Ну конечно же, на обратный путь! До цели мы дойдем на высоте пяти тысяч метров. Затем наберем еще с полтысячи и отбомбимся. Когда возьмем обратный курс, штурман откроет баллон. Только тогда, и не раньше!
Сообщаю штурману свои соображения. Евсеев слабо возражает:
— Не выдержу.
— Выдержишь. Ничего с тобой не случится. Ишь разбаловался — на четырех тысячах маску надевать!
— По инструкции же…
— Ладно, помалкивай. Я надеваю с пяти.
— То ты… — И тут же соглашается; — Ладно, пошли, это я так.
Мы уже давно вышли из окружения облаков.

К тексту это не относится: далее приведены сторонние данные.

Lemma lt_barrier t0 t1 : 0 < t0 -> (forall k, u k t0 < b t0) ->
  (forall t k, t0 < t -> t <= t1 -> (forall j, u j t <= b t) -> u k t = b t ->
     u' k t < b' t) ->
  forall t k, t0 <= t -> t <= t1 -> u k t < b t.
Proof.
move=> t00 init cross t2 k2 t02 t21; rewrite ltNge; apply/negP => bad.
have [s [t0s st2 below [k ek] before]] := first_touch t00 init t02 bad.
have s0 : 0 < s by apply: lt_trans t0s.
have [del del0 rise] := is_derive_lt0_left (is_deriveB (du k s0) (db s0))
  ltac:(by rewrite subr_lt0 cross // (le_trans st2 t21)).
set t := Num.max t0 (s - del / 2).
have ts : t < s by rewrite gt_max t0s; lra.
have := rise t ltac:(rewrite lt_max; apply/orP; right; lra) ts; rewrite !fctE.
by have := before t ltac:(by rewrite le_max lexx) ts k; lra.
Qed.

End Barrier.

Lemma eventually_lt_of_contact (kap : R) : 0 < kap ->
  (forall t k B, 0 < t -> (forall j, u j t <= B) -> u k t = B -> u' k t <= - (kap * B)) ->
  forall eps, 0 < eps -> \forall t \near +oo, forall k, u k t < eps.
Proof.
move=> kap0 contact eps eps0.
pose K := \sum_k `|u k 1|.
have uK k : u k 1 <= K.
  by apply: le_trans (ler_norm _) _; rewrite /K (bigD1 k) //= lerDl sumr_ge0.
pose alpha := kap * eps / 2.
have alpha0 : 0 < alpha by rewrite divr_gt0 // mulr_gt0.
pose T := 1 + K / alpha.
have T1 : 1 <= T by rewrite lerDl divr_ge0 ?sumr_ge0 // ltW.
(* First the line from K + eps at time 1 down to eps at time T, then the constant eps. *)
have reach k : u k T < eps.
  have -> : eps = (K + eps + alpha) + (- alpha) * T.
    by rewrite /T; field; rewrite gt_eqF.
  apply: (@lt_barrier (fun t => (K + eps + alpha) + (- alpha) * t) (fun=> - alpha) _ 1 T).
  all: rewrite //.
  - by move=> t _; apply: is_derive_affine.
  - by move=> k'; have := uK k'; lra.
  - move=> t k' t1 tT below ek; have := contact t k' _ ltac:(lra) below ek.
    have : alpha * (t - 1) <= alpha * (T - 1) by rewrite ler_pM2l //; lra.
    have -> : alpha * (T - 1) = K by rewrite /T; field; rewrite gt_eqF.
    have : 0 < kap * eps by rewrite mulr_gt0.
    rewrite /alpha; nra.
exists T; split; first exact: num_real.
move=> t Tt k; apply: (@lt_barrier (fun=> eps) (fun=> 0) _ T t) => //.
- by apply: lt_le_trans T1.
- move=> t' k' Tt' _ below ek; have := contact t' k' _ ltac:(lra) below ek.
  have : 0 < kap * eps by rewrite mulr_gt0.
  lra.
- exact: ltW.
Qed.

End Comparison.

Section MaxOperator.
Variables (R : realType) (S A : finType) (a0 : A).

Lemma le_Mmax (Q : S * A -> R) s a : Q (s, a) <= Mmax a0 Q s.
Proof. exact: le_bigmax. Qed.

Lemma Mmax_le (Q : S * A -> R) s C : (forall a, Q (s, a) <= C) -> Mmax a0 Q s <= C.
Proof. by move=> QC; apply: bigmax_le. Qed.

Lemma Mmax_shift_le (x Q : S * A -> R) B s :
  (forall j, `|x j| <= B) -> `|Mmax a0 (fun j => x j + Q j) s - Mmax a0 Q s| <= B.
Proof.
move=> xB; have [xl xu] : (forall j, - B <= x j) /\ (forall j, x j <= B).
  by split=> j; have := xB j; rewrite ler_norml => /andP[].
have up : Mmax a0 (fun j => x j + Q j) s <= Mmax a0 Q s + B.
  by apply: Mmax_le => a; have := le_Mmax Q s a; have := xu (s, a); lra.
have down : Mmax a0 Q s <= Mmax a0 (fun j => x j + Q j) s + B.
  apply: Mmax_le => a; have := le_Mmax (fun j => x j + Q j) s a.
  by have := xl (s, a); rewrite /=; lra.
by rewrite ler_norml; apply/andP; split; lra.
Qed.

End MaxOperator.

Lemma PappB (R : realType) (S A : finType) (P : S * A -> S -> R) (y z : S -> R) i :
  Papp P (fun s => y s - z s) i = Papp P y i - Papp P z i.
Proof. by rewrite /Papp -sumrB; apply: eq_bigr => s _; rewrite mulrBr. Qed.

Lemma Papp_norm_le (R : realType) (S A : finType) (P : S * A -> S -> R) (y : S -> R) B i :
  (forall s', 0 <= P i s') -> \sum_(s' : S) P i s' = 1 ->
  (forall s, `|y s| <= B) -> `|Papp P y i| <= B.
Proof.
move=> P0 P1 yB; apply: le_trans (ler_norm_sum _ _ _) _.
rewrite -[B]mul1r -P1 big_distrl /=; apply: ler_sum => s' _.
by rewrite normrM ger0_norm // ler_wpM2l.
Qed.

Lemma ler_norm_signs (R : realType) (y B : R) :
  (forall b : bool, (-1) ^+ b * y <= B) -> `|y| <= B.
Proof.
by move=> yB; rewrite ler_norml -lerNl -mulN1r (yB true) -[y]mul1r (yB false).
Qed.

Lemma ltr_norm_signs (R : realType) (y B : R) :
  (forall b : bool, (-1) ^+ b * y < B) -> `|y| < B.
Proof.
by move=> yB; rewrite ltr_norml -ltrNl -mulN1r (yB true) -[y]mul1r (yB false).
Qed.

(* The maximum over p of these coordinates is max (|x1|_oo, c |x2|_oo). *)
Definition wnorm_coord (R : realType) (I : Type) (c : R) (x1 x2 : I -> R)
    (p : I * bool * bool) : R :=
  (-1) ^+ p.2 * (if p.1.2 then x1 p.1.1 else c * x2 p.1.1).

Lemma wnorm_coord_le (R : realType) (I : Type) (c : R) (x1 x2 : I -> R) B :
  0 <= c -> (forall p, wnorm_coord c x1 x2 p <= B) ->
  (forall j, `|x1 j| <= B) /\ (forall j, c * `|x2 j| <= B).
Proof.
move=> c0 xB; split=> j; last rewrite -[c]ger0_norm // -normrM.
  by apply: ler_norm_signs => b; exact: (xB (j, true, b)).
by apply: ler_norm_signs => b; exact: (xB (j, false, b)).
Qed.

Lemma wnorm_coord_lt (R : realType) (I : Type) (c : R) (x1 x2 : I -> R) B :
  0 <= c -> (forall p, wnorm_coord c x1 x2 p < B) ->
  (forall j, `|x1 j| < B) /\ (forall j, c * `|x2 j| < B).
Proof.
move=> c0 xB; split=> j; last rewrite -[c]ger0_norm // -normrM.
  by apply: ltr_norm_signs => b; exact: (xB (j, true, b)).
by apply: ltr_norm_signs => b; exact: (xB (j, false, b)).
Qed.

Lemma is_derive_wnorm_coord (R : realType) (I : Type) (c : R)
    (x1 x2 : R -> I -> R) (x1' x2' : I -> R) t p :
  (forall j, is_derive t (1 : R) (fun u => x1 u j) (x1' j)) ->
  (forall j, is_derive t (1 : R) (fun u => x2 u j) (x2' j)) ->
  is_derive t (1 : R) (fun u => wnorm_coord c (x1 u) (x2 u) p) (wnorm_coord c x1' x2' p).
Proof. by move=> dx1 dx2; rewrite /wnorm_coord; case: p.1.2; apply: is_deriveZ. Qed.

Section Dynamics.
Variables (R : realType) (S A : finType) (a0 : A) (P : S * A -> S -> R).
Variables (gamma beta : R) (d Qs : S * A -> R).
Hypotheses (P_ge0 : forall i s', 0 <= P i s') (P_sum1 : forall i, \sum_(s' : S) P i s' = 1).
Hypotheses (gamma_ge0 : 0 <= gamma) (gamma_lt1 : gamma < 1).
Hypotheses (d_gt0 : forall i, 0 < d i) (beta_gt0 : 0 < beta).

Lemma f1_contact (s : R) x1 x2 B1 B2 i : `|s| = 1 ->
  (forall j, `|x2 j| <= B2) -> s * x1 i = B1 ->
  s * f1 a0 d P gamma Qs x1 x2 i <= - (d i * B1) + gamma * d i * B2.
Proof.
move=> s1 x2B sx1; rewrite /f1; set g := Papp P _ i.
have gB : `|g| <= B2 by apply: Papp_norm_le => // s'; apply: Mmax_shift_le.
have sgB : s * g <= B2 by apply: le_trans (ler_norm _) _; rewrite normrM s1 mul1r.
have gd0 : 0 <= gamma * d i by rewrite mulr_ge0 // ltW.
have : gamma * d i * (s * g) <= gamma * d i * B2 by rewrite ler_wpM2l.
have -> : s * (- (d i * x1 i) + gamma * d i * g) =
  - (d i * (s * x1 i)) + gamma * d i * (s * g) by ring.
by rewrite sx1; lra.
Qed.

Lemma f2_contact (s : R) x1 x2 B1 B2 i : `|s| = 1 ->
  `|x1 i| <= B1 -> s * x2 i = B2 ->
  s * f2 d beta x1 x2 i <= beta * d i * (B1 - B2).
Proof.
move=> s1 x1B sx2; have bd0 : 0 <= beta * d i by rewrite mulr_ge0 // ltW.
have sx1B : s * x1 i <= B1 by apply: le_trans (ler_norm _) _; rewrite normrM s1 mul1r.
have -> : s * f2 d beta x1 x2 i = beta * d i * (s * x1 i - s * x2 i) by rewrite /f2; ring.
by rewrite sx2 ler_wpM2l // lerD2r.
Qed.

Lemma wnorm_coord_contact (c B : R) x1 x2 p : gamma < c -> c < 1 ->
  (forall q, wnorm_coord c x1 x2 q <= B) -> wnorm_coord c x1 x2 p = B ->
  wnorm_coord c (f1 a0 d P gamma Qs x1 x2) (f2 d beta x1 x2) p <=
    - (d p.1.1 * Num.min (1 - gamma / c) (beta * (1 - c)) * B).
Proof.
move=> gc c1 xB; have c0 : 0 < c by apply: le_lt_trans gc.
have [x1B x2B] := wnorm_coord_le (ltW c0) xB.
case: p => -[i []] b; rewrite /wnorm_coord /=; set s := (-1) ^+ b => sxB.
all: have s1 : `|s| = 1 by rewrite normr_sign.
all: have B0 : 0 <= B by apply: le_trans (x1B i).
all: have di := d_gt0 i.
- apply: le_trans (@f1_contact s x1 x2 B (B / c) i s1 _ sxB) _.
    by move=> j; rewrite ler_pdivlMr // mulrC.
  have -> : - (d i * B) + gamma * d i * (B / c) = - (d i * (1 - gamma / c) * B) by ring.
  rewrite lerN2; apply: ler_wpM2r => //; apply: ler_wpM2l; first exact: ltW.
  by rewrite ge_min lexx.
- have sx2 : s * x2 i = B / c by rewrite -sxB; field; rewrite gt_eqF.
  apply: le_trans (_ : c * (beta * d i * (B - B / c)) <= _).
    by rewrite mulrCA ler_wpM2l ?(ltW c0) // f2_contact.
  have -> : c * (beta * d i * (B - B / c)) = - (d i * (beta * (1 - c)) * B).
    by field; rewrite gt_eqF.
  rewrite lerN2; apply: ler_wpM2r => //; apply: ler_wpM2l; first exact: ltW.
  by rewrite ge_min lexx orbT.
Qed.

Над нами звезды. Другие миры. И если там живут разумные существа, они, конечно, не знают, что такое война. Забыли, пройдя этот мучительный путь эволюции. Мне хочется верить в это. Очень! А мы вот тут несем вахту мира… через войну.
Время от времени спрашиваю у Китнюка, что он делает, как поживает. Не вздремнул ли случайно. Для стрелка вздремнуть — плевое дело. Велик соблазн. Весь полет он лежит на броневой плите возле пулемета. И конечно, веки смеживаются сами. А смотреть надо в оба. Фашистские ночные перехватчики уже оснащены радиолокаторами. Попадешь такому на экран — пиши пропало! Подкрадется, даже если ты будешь идти в облаках, — расстреляет в упор из пушек.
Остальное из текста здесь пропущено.